There are three types of NF tumors that result from mutation or loss of different tumor suppressor genes:

  • Neurofibromatosis type 1 (NF1) is the most frequent inherited cause of brain and nerve tumors. One in every 3,000 children is born with NF1, making it also one of the most common inherited human diseases worldwide. Enlargement and deformation of bones may also occur. Approximately 50% of people with NF1 also have learning disabilities. NF1 is caused by a mutation or loss of the tumor suppressor gene NF1.

  • Neurofibromatosis type 2 (NF2) is much rarer, occurring in one in 25,000 births. NF2 is characterized by the development of multiple tumors on the cranial and spinal nerves. The hallmark of NF2 is the formation of tumors that affect auditory nerves. Hearing loss beginning in the teens or early twenties is typically the first symptom of NF2. NF2 is caused by a mutation or loss of the tumor suppressor gene NF2.

  • Schwannomatosis is even rarer than NF2, affecting one in 40,000 individuals.
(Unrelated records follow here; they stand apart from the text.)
(* In a combinatorial auction where all bidders other than $i$ play piecewise constant strategies, every cell $S$ of bidder $i$'s action space has a unique Pareto point, and this Pareto point is a vertex of $S$.
   Context: A combinatorial auction sells goods $M$ to bidders $N$; each bidder $i$ bids a vector $b_i\in\mathbb{R}_{\ge0}^r$ on his $r$ bundles of interest (other bundles bid $0$). An allocation gives each bidder one bundle of interest or $\emptyset$, pairwise disjoint; $X(b)$ is the set of allocations maximizing reported welfare $\sum_i b_i(x_i)$. Bidders' valuations are independent random variables $V_j$ and strategies $s_j$ map valuations to bids; piecewise constant means finitely many values, so $b_{-i}=s_{-i}(V_{-i})$ has finite support. A cell of bidder $i$'s action space $\mathbb{R}_{\ge0}^r$ is a maximal (with respect to inclusion) connected region $S$ such that for every $b_{-i}$ with positive probability there exists an allocation $x$ with $x\in X(b_i,b_{-i})$ for all $b_i\in S$; cells are convex polytopes. A Pareto point of a cell $S$ is a point $b_i\in S$ such that there is no $b_i'\in S$ with $b_i'\le b_i$ coordinatewise and $b_i'\neq b_i$. *)

From HB Require Import structures.
From mathcomp Require Import all_boot all_order all_algebra.
From mathcomp Require Import all_classical all_reals all_analysis.
Import numFieldTopology.Exports numFieldNormedType.Exports.
Set Implicit Arguments. Unset Strict Implicit. Unset Printing Implicit Defensive.
Import Order.TTheory GRing.Theory Num.Theory.
Local Open Scope ring_scope.
Local Open Scope classical_set_scope.

Section Auction.
Variables (R : realType) (N M : finType) (r : nat).
(* bundles j k : the k-th bundle of interest of bidder j *)
Variable bundles : N -> 'I_r -> {set M}.

(* An allocation gives each bidder the index of one of his bundles of
   interest (Some k) or the empty bundle (None). *)
Definition allocation := {ffun N -> option 'I_r}.

Definition feasible (x : allocation) : Prop :=
  forall j l : N, j != l -> forall a c : 'I_r,
    x j = Some a -> x l = Some c -> (bundles j a :&: bundles l c == finset.set0).

(* reported value of bidder j's bid vector on his allocated bundle;
   the empty bundle (and any bundle not of interest) is bid 0 *)
Definition bid_value (bj : 'rV[R]_r) (o : option 'I_r) : R :=
  if o is Some k then bj ord0 k else 0.

Definition welfare (b : N -> 'rV[R]_r) (x : allocation) : R :=
  \sum_(j : N) bid_value (b j) (x j).

Definition optimal (b : N -> 'rV[R]_r) (x : allocation) : Prop :=
  feasible x /\ forall y : allocation, feasible y -> welfare b y <= welfare b x.

Definition profile (i : N) (bi : 'rV[R]_r) (bm : N -> 'rV[R]_r) : N -> 'rV[R]_r :=
  fun j => if j == i then bi else bm j.

Definition nonneg_orthant : set 'rV[R]_r := [set b | forall k, 0 <= b ord0 k].

(* supp j : the finite set of bids of bidder j (j <> i) played with positive
   probability; by independence, b_{-i} has positive probability iff
   b_{-i} j \in supp j for all j <> i. *)
Definition pos_prob (i : N) (supp : N -> seq 'rV[R]_r) (bm : N -> 'rV[R]_r) : Prop :=
  forall j, j != i -> bm j \in supp j.

Definition admissible (i : N) (supp : N -> seq 'rV[R]_r) (S : set 'rV[R]_r) : Prop :=
  forall bm, pos_prob i supp bm ->
    exists x : allocation, forall bi, S bi -> optimal (profile i bi bm) x.

Definition region_ok i supp (S : set 'rV[R]_r) : Prop :=
  S `<=` nonneg_orthant /\ connected S /\ admissible i supp S.

Definition cell (i : N) (supp : N -> seq 'rV[R]_r) (S : set 'rV[R]_r) : Prop :=
  region_ok i supp S /\
  forall T, region_ok i supp T -> S `<=` T -> T = S.

Definition coord_le (q p : 'rV[R]_r) : Prop := forall k, q ord0 k <= p ord0 k.

Definition pareto_point (S : set 'rV[R]_r) (p : 'rV[R]_r) : Prop :=
  S p /\ ~ (exists q, S q /\ coord_le q p /\ q <> p).

(* vertex = extreme point of the (convex) set S *)
Definition vertex (S : set 'rV[R]_r) (p : 'rV[R]_r) : Prop :=
  S p /\ forall a c : 'rV[R]_r, S a -> S c -> forall t : R, 0 < t < 1 ->
    p = t *: a + (1 - t) *: c -> a = c.

End Auction.

From HB Require Import structures.
From mathcomp Require Import all_boot all_order all_algebra.
From mathcomp Require Import all_classical all_reals all_analysis.
From mathcomp Require Import lra.
Import numFieldTopology.Exports numFieldNormedType.Exports.
Set Implicit Arguments. Unset Strict Implicit. Unset Printing Implicit Defensive.
Import Order.TTheory GRing.Theory Num.Theory.
Local Open Scope ring_scope.
Local Open Scope classical_set_scope.

(* The coordinatewise infimum p of a cell S belongs to S, so it is the least
   element of S; a least element is the only Pareto point and cannot be a
   proper convex combination of points above it.  To see that p lies in S,
   consider the bids at which every allocation optimal throughout S stays
   optimal.  Welfare is affine in bidder i's bid, so this region is convex,
   hence connected; it is admissible and contains S, so by maximality it is S.
   It contains p: for an allocation x optimal throughout S and a competitor y,
   the inequality W_b(y) <= W_b(x) only gets easier when i's bid on his bundle
   in y is lowered to p, and it involves b otherwise only through b's
   coordinate on i's bundle in x, whose infimum over S is p's coordinate. *)

Lemma star_shaped_connected (R : realType) (V : normedModType R)
    (C : set V) (p : V) :
  C p -> (forall b, C b -> forall t : R, 0 <= t <= 1 -> C (p + t *: (b - p))) ->
  connected C.
Proof.
move=> Cp Cstar.
have -> : C = \bigcup_(b in C) ((fun t : R => p + t *: (b - p)) @` `[0, 1]).
  apply/seteqP; split => [b Cb|b [c Cc [t t01 <-]]].
    exists b => //; exists 1; first by rewrite /= in_itv /= lexx ler01.
    by rewrite scale1r addrC subrK.
  by apply: Cstar => //; move: t01; rewrite /= in_itv.
apply: bigcup_connected.
  exists p => b Cb; exists 0; first by rewrite /= in_itv /= lexx ler01.
  by rewrite scale0r addr0.
move=> b Cb; apply: connected_continuous_connected; first exact: segment_connected.
apply: continuous_subspaceT => t.
apply: (@continuousD _ _ _ (fun=> p) (fun t : R => t *: (b - p))).
  exact: cst_continuous.
exact: continuousZr_tmp.
Qed.

Section CoordinatewiseOrder.
Variables (R : realType) (r : nat).
Implicit Types (S : set 'rV[R]_r) (p q b : 'rV[R]_r).

Lemma coord_le_anti p q : coord_le p q -> coord_le q p -> p = q.
Proof. by move=> pq qp; apply/rowP => k; apply/eqP; rewrite eq_le pq qp. Qed.

Definition row_inf S : 'rV[R]_r := \row_k inf [set b ord0 k | b in S].

Lemma row_inf_le S b :
  S `<=` @nonneg_orthant R r -> S b -> coord_le (row_inf S) b.
Proof.
move=> S0 Sb k; rewrite mxE; apply: ge_inf; last by exists b.
by exists 0 => _ [c Sc <-]; exact: S0.
Qed.

Lemma row_inf_glb S k (l : R) :
  S !=set0 -> (forall b, S b -> l <= b ord0 k) -> l <= row_inf S ord0 k.
Proof.
move=> [b Sb] lb; rewrite mxE; apply: lb_le_inf; first by exists (b ord0 k), b.
by move=> _ [c Sc <-]; exact: lb.
Qed.

Lemma row_inf_ge0 S :
  S !=set0 -> S `<=` @nonneg_orthant R r -> nonneg_orthant (row_inf S).
Proof. by move=> S_neq0 S0 k; apply: row_inf_glb => // b /S0. Qed.

Section LeastElement.
Variables (S : set 'rV[R]_r) (p : 'rV[R]_r).
Hypotheses (Sp : S p) (p_least : forall b, S b -> coord_le p b).

Lemma least_pareto_point : pareto_point S p.
Proof.
split=> // -[q [Sq [qp /eqP]]].
by rewrite (coord_le_anti qp (p_least Sq)) eqxx.
Qed.

Lemma pareto_point_least q : pareto_point S q -> q = p.
Proof.
move=> [Sq q_min]; apply: contrapT => qp; apply: q_min.
by exists p; split; last split; [| exact: p_least | move=> pq; apply: qp].
Qed.

Lemma least_vertex : vertex S p.
Proof.
split=> // a c Sa Sc t /andP[t0 t1] pE.
have coordE k : p ord0 k = t * a ord0 k + (1 - t) * c ord0 k.
  by rewrite pE !mxE.
have ap : coord_le a p.
  by move=> k; have := p_least Sc k; have := coordE k; nra.
have cp : coord_le c p.
  by move=> k; have := p_least Sa k; have := coordE k; nra.
by rewrite (coord_le_anti ap (p_least Sa)) (coord_le_anti cp (p_least Sc)).
Qed.

End LeastElement.
End CoordinatewiseOrder.

Section Welfare.
Variables (R : realType) (N M : finType) (r : nat).
Variables (bundles : N -> 'I_r -> {set M}) (i : N).
Implicit Types (b c : 'rV[R]_r) (bm : N -> 'rV[R]_r) (x y z : allocation N r).

Definition others_welfare bm z : R :=
  \sum_(j | j != i) bid_value (bm j) (z j).

Lemma welfare_profileE b bm z :
  welfare (profile i b bm) z = others_welfare bm z + bid_value b (z i).
Proof.
rewrite /welfare (bigD1 i) //= /profile eqxx addrC.
by congr (_ + _); apply: eq_bigr => j /negbTE ->.
Qed.

Lemma bid_value_le b c o : coord_le b c -> bid_value b o <= bid_value c o.
Proof. by case: o => [k|] //= /(_ k). Qed.

Lemma bid_value_lerp b c (t : R) o :
  bid_value (b + t *: (c - b)) o =
  bid_value b o + t * (bid_value c o - bid_value b o).
Proof. by case: o => [k|] /=; rewrite ?mxE ?subrr ?mulr0 ?addr0. Qed.

Lemma optimal_exists (bs : N -> 'rV[R]_r) : exists x, optimal bundles bs x.
Proof.
pose x0 : allocation N r := [ffun=> None].
have fx0 : `[< feasible bundles x0 >].
  by apply/asboolP => j l _ a c; rewrite ffunE.
have [x /asboolP fx x_max] :=
  @arg_maxP _ _ _ x0 (fun x => `[< feasible bundles x >]) (welfare bs) fx0.
by exists x; split => // y fy; exact/x_max/asboolP.
Qed.

Lemma optimal_lerp bm x b c (t : R) : 0 <= t <= 1 ->
  optimal bundles (profile i b bm) x -> optimal bundles (profile i c bm) x ->
  optimal bundles (profile i (b + t *: (c - b)) bm) x.
Proof.
move=> /andP[t0 t1] [fx bx] [_ cx]; split=> // y fy.
have := bx y fy; have := cx y fy.
rewrite !welfare_profileE !bid_value_lerp; nra.
Qed.

Lemma optimal_row_inf bm x (S : set 'rV[R]_r) :
  S !=set0 -> S `<=` @nonneg_orthant R r ->
  (forall b, S b -> optimal bundles (profile i b bm) x) ->
  optimal bundles (profile i (row_inf S) bm) x.
Proof.
move=> [b0 Sb0] S0 Sx; split=> [|y fy]; first exact: (Sx b0 Sb0).1.
have y_le b : S b ->
    welfare (profile i (row_inf S) bm) y <=
    others_welfare bm x + bid_value b (x i).
  move=> Sb; rewrite -welfare_profileE; apply: le_trans ((Sx b Sb).2 y fy).
  by rewrite !welfare_profileE lerD2l; apply/bid_value_le/row_inf_le.
rewrite [leRHS]welfare_profileE; case: (x i) y_le => [k|] y_le /=.
- rewrite -lerBlDl; apply: row_inf_glb => [|b Sb]; first by exists b0.
  by rewrite lerBlDl; exact: y_le.
- exact: y_le b0 Sb0.
Qed.

Section Cells.
Variable supp : N -> seq 'rV[R]_r.
Implicit Type S : set 'rV[R]_r.

Lemma region_ok_set1 b : nonneg_orthant b -> region_ok bundles i supp [set b].
Proof.
move=> b0; split; first by move=> _ ->.
split; first exact: connected1.
move=> bm _; have [x xopt] := optimal_exists (profile i b bm).
by exists x => _ ->.
Qed.

Lemma cell_nonempty S : cell bundles i supp S -> S !=set0.
Proof.
move=> [_ S_max]; apply: contrapT => S_empty.
have orthant0 : nonneg_orthant (0 : 'rV[R]_r) by move=> k; rewrite mxE.
have S_eq0 : S = [set 0].
  apply/esym/(S_max _ (region_ok_set1 orthant0)) => b Sb.
  by exfalso; apply: S_empty; exists b.
by apply: S_empty; exists 0; rewrite S_eq0.
Qed.

Definition optimality_hull S : set 'rV[R]_r :=
  [set b | nonneg_orthant b /\
     forall bm, pos_prob i supp bm -> forall x,
       (forall c, S c -> optimal bundles (profile i c bm) x) ->
       optimal bundles (profile i b bm) x].

Lemma sub_optimality_hull S :
  S `<=` @nonneg_orthant R r -> S `<=` optimality_hull S.
Proof. by move=> S0 b Sb; split; [exact: S0 | move=> bm _ x; apply]. Qed.

Lemma optimality_hull_row_inf S : S !=set0 -> S `<=` @nonneg_orthant R r ->
  optimality_hull S (row_inf S).
Proof.
move=> S_neq0 S0; split; first exact: row_inf_ge0.
by move=> bm _ x; exact: optimal_row_inf.
Qed.

Lemma optimality_hull_lerp S b c (t : R) : 0 <= t <= 1 ->
  optimality_hull S b -> optimality_hull S c ->
  optimality_hull S (b + t *: (c - b)).
Proof.
move=> /andP[t0 t1] [b0 bx] [c0 cx]; split=> [k|bm bm_pos x Sx].
  by have := b0 k; have := c0 k; rewrite !mxE; nra.
by apply: optimal_lerp; [rewrite t0 | exact: bx | exact: cx].
Qed.

Lemma cell_row_inf S : cell bundles i supp S -> S (row_inf S).
Proof.
move=> cellS; have S_neq0 := cell_nonempty cellS.
move: cellS => [[S0 [_ S_adm]] S_max].
have hull_inf := optimality_hull_row_inf S_neq0 S0.
suff hullE : optimality_hull S = S by move: hull_inf; rewrite hullE.
apply: S_max; last exact: sub_optimality_hull.
split; first by move=> b [].
split.
  apply: (star_shaped_connected hull_inf) => b hull_b t t01.
  exact: optimality_hull_lerp.
move=> bm bm_pos; have [x Sx] := S_adm bm bm_pos.
by exists x => b [_ hull_b]; exact: hull_b.
Qed.

End Cells.
End Welfare.

Theorem lemma3 (R : realType) (N M : finType) (r : nat)
  (bundles : N -> 'I_r -> {set M}) (i : N) (supp : N -> seq 'rV[R]_r) :
  (forall j, j != i -> supp j != [::]) ->
  (forall j, j != i -> forall b, b \in supp j -> nonneg_orthant b) ->
  forall S : set 'rV[R]_r, cell bundles i supp S ->
    exists p, [/\ pareto_point S p,
                  (forall q, pareto_point S q -> q = p) &
                  vertex S p].
Proof.
move=> _ _ S cellS.
have S_inf := cell_row_inf cellS.
have inf_least b : S b -> coord_le (row_inf S) b.
  by apply: row_inf_le; case: cellS => -[].
exists (row_inf S); split.
- exact: least_pareto_point.
- exact: pareto_point_least.
- exact: least_vertex.
Qed.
SImilar to NF1 and NF2, Schwannomatosis tumors can develop on cranial, spinal and/or peripheral nerves. Although patients with Schwannomatosis do not have learning disabilities, they experience chronic pain and occasionally numbness, tingling and weakness. The candidate Schwannomatosis tumor suppressor gene is named INI1.

The National Institutes of Health (NIH) is the primary source of federal funding for biomedical research. However, other agencies also support research initiatives. In 1996, Congress added Neurofibromatosis to the Congressionally Directed Medical Research Program (CDMRP-NFRP). This program has been responsible for many advances in NF research, including NF mouse models, learning disabilities and nerve signaling pathways. In 2005, the Neurofibromatosis Research Program (NFRP) established the NF Clinical Trials Consortium, which is comprised of 10 major hospitals nationwide. The Consortium was established, not for drug discovery, but as a pipeline to test drugs repurposed to treat NF, including rapamycin (a relatively new immunosuppressant drug) and lovastatin (a statin used for lowering cholesterol). The Consortium will initially focus on NF1 for proof of concept. Once established, it will have the option of expanding to encompass NF2 and Schwannomatosis studies.

NF research program funding in jeopardy

The U.S. House and Senate included an $8 million appropriation for the CDMRP-NFRP in the FY2008 Defense Bill. This is a decrease of $2 million from 2007 and is over a 66% decrease from the high-water mark of $25 million in FY2005. Recently, I wrote about Flat Funding of Biomedical Research and The Threat to America’s Health. Separate from the NIH, the CDMRP is another funding source that supports research initiatives. The drastic funding cuts in the CDMRP-NFRP, specific to NF studies, endanger the research investment made to date, particularly with the NF Clinical Trials Consortium described above.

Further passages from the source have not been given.